### [Data for the task]
Lemma matched_contractive (hB : boolean_ring B) p q p' q' :
  bcontractive dX dY f -> matched p p' -> matched q q' -> ble (dYb p' q') (dXb p q).
Proof.
case: hXb hYb => mX _ distX _ [mY _ distY _] f_contr.
move=> [n [xs [a [sum_a [comb_p comb_p']]]]] [m [ys [b [sum_b [comb_q comb_q']]]]].
apply: (partition_le2 hB sum_a sum_b) => i j.
rewrite (comb_dist mX _ _ comb_p comb_q) (comb_dist mY _ _ comb_p' comb_q').
by rewrite distX distY; apply: ble_mul.
Qed.

Lemma matched_immersion p q p' q' :
  bimmersion dX dY f -> matched p p' -> matched q q' -> dYb p' q' = dXb p q.
Proof.
case: hXb hYb => mX _ distX _ [mY _ distY _] f_imm.
move=> [n [xs [a [sum_a [comb_p comb_p']]]]] [m [ys [b [sum_b [comb_q comb_q']]]]].
apply: (partition_ext2 sum_a sum_b) => i j.
rewrite (comb_dist mX _ _ comb_p comb_q) (comb_dist mY _ _ comb_p' comb_q').
by rewrite distX distY f_imm.
Qed.

Lemma matched_point x : matched (iX x) (iY (f x)).
Proof.
case: hXb hYb => mX _ _ _ [mY _ _ _].
exists 1%N, (fun _ => x), (fun _ => 1); split; first by rewrite big_ord1.
by split; apply: comb_point.
Qed.

Lemma ext_matched fb : contr_extension dXb dYb iX iY f fb -> forall p, matched p (fb p).
Proof.
move=> ext_fb p; case: hXb => _ _ _ spanX.
have [n [xs [a [[_ sum_a] comb_p]]]] := spanX p.
by exists n, xs, a; split; [|split; [|exact: ext_comb ext_fb comb_p]].
Qed.

(* Existence: choose for each p a matched image, using convexity of Yb. *)
Lemma ext_exists (hB : boolean_ring B) :
  bcontractive dX dY f -> exists fb, contr_extension dXb dYb iX iY f fb.
Proof.
move=> f_contr; case: hXb hYb => mX _ _ spanX [mY convY _ _].
have matched_total : forall p, exists p', matched p p'.
  move=> p; have [n [xs [a [part_a comb_p]]]] := spanX p.
  have [p' comb_p'] := convY n (fun i => iY (f (xs i))) a part_a.
  by exists p', n, xs, a; split; [exact: part_a.2|].
have [fb fb_matched] := choice _ matched_total.
have fb_contr : bcontractive dXb dYb fb.
  by move=> p q; apply: matched_contractive.
exists fb; split=> // x.
have := matched_contractive hB f_contr (fb_matched (iX x)) (matched_point x).
rewrite /ble dist_self // mulr0 => fb_x; case: mY => zero _ _; exact/zero.
Qed.

Lemma ext_immersion fb :
  contr_extension dXb dYb iX iY f fb -> bimmersion dX dY f -> bimmersion dXb dYb fb.
Proof.
move=> ext_fb f_imm p q.
exact: (matched_immersion f_imm (ext_matched ext_fb p) (ext_matched ext_fb q)).
Qed.

(* The extension of an isometry is an isometry: it is an injective immersion,
   and it is onto since sum b_j y_j is the image of sum b_j f^-1(y_j). *)
Lemma ext_isometry fb :
  contr_extension dXb dYb iX iY f fb -> bisometry dX dY f -> bisometry dXb dYb fb.
Proof.
move=> ext_fb [f_imm [g gK Kg]].
have fb_imm := ext_immersion ext_fb f_imm.
case: hXb hYb => mX convX _ _ [mY _ _ spanY].
have fb_inj : injective fb.
  move=> p q eq_fb; case: mX => zero _ _; apply/zero.
  by rewrite -fb_imm eq_fb dist_self.
have fb_onto : forall q, exists p, fb p = q.
  move=> q; have [m [ys [b [part_b comb_q]]]] := spanY q.
  have [p comb_p] := convX m (fun j => iX (g (ys j))) b part_b.
  exists p; apply: (comb_unique mY part_b.2 _ comb_q) => j.
  by have := ext_comb ext_fb comb_p j; rewrite /= Kg.
have [h fbK] := choice _ fb_onto.
by split=> //; exists h => // p; apply: fb_inj; rewrite fbK.
Qed.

### [Exercise]
Could you restate word for word the lines above from the one containing "Lemma ext_immersion fb" through the one containing "move=> p q eq_fb;", both included, and nothing else?

### [Response below]
Lemma ext_immersion fb :
  contr_extension dXb dYb iX iY f fb -> bimmersion dX dY f -> bimmersion dXb dYb fb.
Proof.
move=> ext_fb f_imm p q.
exact: (matched_immersion f_imm (ext_matched ext_fb p) (ext_matched ext_fb q)).
Qed.

(* The extension of an isometry is an isometry: it is an injective immersion,
   and it is onto since sum b_j y_j is the image of sum b_j f^-1(y_j). *)
Lemma ext_isometry fb :
  contr_extension dXb dYb iX iY f fb -> bisometry dX dY f -> bisometry dXb dYb fb.
Proof.
move=> ext_fb [f_imm [g gK Kg]].
have fb_imm := ext_immersion ext_fb f_imm.
case: hXb hYb => mX convX _ _ [mY _ _ spanY].
have fb_inj : injective fb.
  move=> p q eq_fb; case: mX => zero _ _; apply/zero.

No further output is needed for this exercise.